[Saved entries]

================

Lemma pconv_1subX_nbinomS j n : pconv (1 - 'X) (nbinom j.+1) n = nbinom j n.
Proof.
rewrite pconv_1subX /nbinom; case: n => [|n]; first by rewrite !add0n !binn subr0.
by rewrite addSn binS natrD addrAC subrr add0r addnS.
Qed.

Lemma pconv_1subX_exp_nbinom j n : pconv ((1 - 'X) ^+ j.+1) (nbinom j) n = (1 : {poly R})`_n.
Proof.
elim: j n => [|j IHj] n.
  by rewrite expr1 pconv_1subX /nbinom coef1; case: n => [|n]; rewrite ?subr0 ?bin0 ?subrr.
by rewrite exprSr pconvM -IHj; apply: eq_pconv => i _; apply: pconv_1subX_nbinomS.
Qed.

End NegativeBinomial.
Arguments nbinom {R} j n.

Lemma psum_pconv (R : comNzRingType) (q : {poly R}) c N :
  psum (pconv q c) N = pconv q (psum c) N.
Proof.
apply: pconv_1subX_inj => {}N; rewrite pconv_1subX_psum -pconvM mulrC pconvM.
by apply: eq_pconv => i _; rewrite pconv_1subX_psum.
Qed.

Lemma pow_bounded_nbinom (C : numDomainType) j : pow_bounded (@nbinom C j) j.
Proof.
exists 1 => // n; rewrite mul1r -natrX ger0_norm ?ler0n //.
by rewrite ler_nat bin_le_expS.
Qed.

Lemma pow_bounded_pconv_nbinom (C : numDomainType) (q : {poly C}) j :
  pow_bounded (fun n => pconv q (nbinom j.+1) n - q.[1] * nbinom j.+1 n) j.
Proof.
have /factor_theorem[q' eq_q] : root (q - q.[1]%:P) 1 by rewrite /root !hornerE subrr.
apply: (@eq_pow_bounded _ (fun n => - 1 * pconv q' (nbinom j) n)); last first.
  exact: pow_boundedZ _ (pow_bounded_pconv _ (pow_bounded_nbinom _ j)).
move=> n; rewrite mulN1r; set a := q.[1].
have -> : q = a%:P - q' * (1 - 'X).
  by rewrite -[1 - 'X]opprB mulrN opprK -polyC1 -eq_q addrC subrK.
rewrite pconvB pconvC pconvM addrAC subrr add0r.
by congr (- _); apply: eq_pconv => i _; rewrite pconv_1subX_nbinomS.
Qed.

================

**BRIEF:**
Your answer must be the line that contains "move=> n; rewrite mulN1r; set a := q.[1]." and every line after it to the end of the records, reproduced exactly.

**ANSWER SPACE:**
move=> n; rewrite mulN1r; set a := q.[1].
have -> : q = a%:P - q' * (1 - 'X).
  by rewrite -[1 - 'X]opprB mulrN opprK -polyC1 -eq_q addrC subrK.
rewrite pconvB pconvC pconvM addrAC subrr add0r.
by congr (- _); apply: eq_pconv => i _; rewrite pconv_1subX_nbinomS.
Qed.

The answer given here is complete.